山の頂から

やさしい風

エピローグ

2008-09-14 21:19:03 | Weblog
 残暑が厳しいとはいえ、やはり里は秋の風。
空を行く雲は、目に痛いほど眩しい。
ふと空を見上げては小さな溜息を洩らす自分に気付く。

 初七日が過ぎて斎場への支払いを終える。
後の始末をきっちりとし、これほどまでに子の行く末を考えた父に、
改めて敬服をしている。
≪美田≫こそ残さなかったが、終の棲家に関しても甘えなかった父。
その、きっぱりとした姿勢に泪を零す。

 亡くなる数日前、弟の手を取って涙した父は、
恐らく、自分には許された時間のないことを悟っていたに違いない。
口にこそ出さなかったが「後を頼む!」と言いたかったのだと思う。

 今夜は十五夜。
けんちん汁を作って仮の祭壇にあげた。
小学校の6年生の時、宿題で出された十五夜の絵。
絵の上手い父が描いてくれたことを思い出した。
誰が見ても児童が描いたようには見えなかったっけ。
すっかり忘れていたことが鮮明によみがえった。

 暫くは、見るもの聞くもの全てに父を重ねる癖が付きそう・・・
今年は、どんな紅葉を目にすることが出来るだろうか。

両親の播いた種

2008-09-14 06:40:08 | Weblog
  父の葬儀に際して心寄せて下さった方々の温かさに、
感激をしている。
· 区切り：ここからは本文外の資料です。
(* Let $D\subset\mathbb{R}^2$ be a domain, $v\colon D\to\mathbb{R}^2$ a diffeomorphism onto its image, and let $A\colon[0,\infty)\to\mathbb{SL}(2)$ be a geodesic of $\mathbb{SL}(2)$, where $\mathbb{SL}(2)\subset\mathbb{R}^{2\times2}\cong\mathbb{R}^4$ carries the Riemannian metric induced by the Euclidean metric of $\mathbb{R}^4$. Then $\varphi(t,\alpha)=A(t)v(\alpha)$ is a solution of the Lagrangian incompressible Euler problem on $D$.
   Context: $\mathbb{SL}(2)$ is the group of real $2\times2$ matrices of determinant $1$, a $3$-dimensional submanifold of $\mathbb{R}^{2\times 2}\cong\mathbb{R}^4$. For $\varphi(t,\alpha)=\varphi^t(\alpha)$, primes denote $t$-derivatives and $d\varphi^t$ the Jacobian in $\alpha$. ''Solution of the Lagrangian incompressible Euler problem on $D$'' means: each $\varphi^t$ is a diffeomorphism of $D$ onto its image, $\det(d\varphi^t)=\det(d\varphi^0)\ne0$ for all $t\ge0$, and there is a scalar function $p(t,\alpha)$ with $(d\varphi^t)^T\varphi''+\nabla_\alpha p=0$. *)

From Stdlib Require Import Reals.
Open Scope R_scope.

Definition R2 : Type := (R * R)%type.

Record M2 : Type := mkM2 { a11 : R; a12 : R; a21 : R; a22 : R }.

Definition det (m : M2) : R := a11 m * a22 m - a12 m * a21 m.

Definition mulv (m : M2) (x : R2) : R2 :=
  (a11 m * fst x + a12 m * snd x, a21 m * fst x + a22 m * snd x).

Definition frob (m n : M2) : R :=
  a11 m * a11 n + a12 m * a12 n + a21 m * a21 n + a22 m * a22 n.

Definition InSL2 (m : M2) : Prop := det m = 1.

(** differential of det at A applied to X; the tangent space of the regular
    level set SL(2) at A is its kernel *)
Definition ddet (A X : M2) : R :=
  a11 A * a22 X + a11 X * a22 A - a12 A * a21 X - a12 X * a21 A.
Definition TangentSL2 (A X : M2) : Prop := ddet A X = 0.

(** derivative of f : R -> R at t relative to an interval I
    (one-sided at endpoints of I) *)
Definition deriv_on (I : R -> Prop) (f : R -> R) (t l : R) : Prop :=
  limit1_in (fun h => (f (t + h) - f t) / h) (fun h => h <> 0 /\ I (t + h)) l 0.

Definition Ihalf (t : R) : Prop := 0 <= t.

Definition derivM (I : R -> Prop) (A : R -> M2) (t : R) (B : M2) : Prop :=
  deriv_on I (fun s => a11 (A s)) t (a11 B) /\
  deriv_on I (fun s => a12 (A s)) t (a12 B) /\
  deriv_on I (fun s => a21 (A s)) t (a21 B) /\
  deriv_on I (fun s => a22 (A s)) t (a22 B).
こんなにも他人は優しく温かかったのかと、
今更ながら実感した。そして、こんな時に思わずその人となりを知った。

 両親は共に何一つ財をなしたわけではないが、義理と人情を欠かさず、
他人の痛みを己の痛みとして感じ、それに際してかけた心を、
返して下さったひとの多さに驚いた。
数十年も行き来も無かった方が「お悔やみ欄」を見て駆けつけてくれた。
そんな方が多くいて、本当に感激している。

 きょうだいで、しみじみと両親の生きざまを思い、
残された者は同じように他人の痛みを感じられるような人間として、
この先を生きねばならないと話し合った。

両親の播いた種は、また、ここで芽を出そうとしている。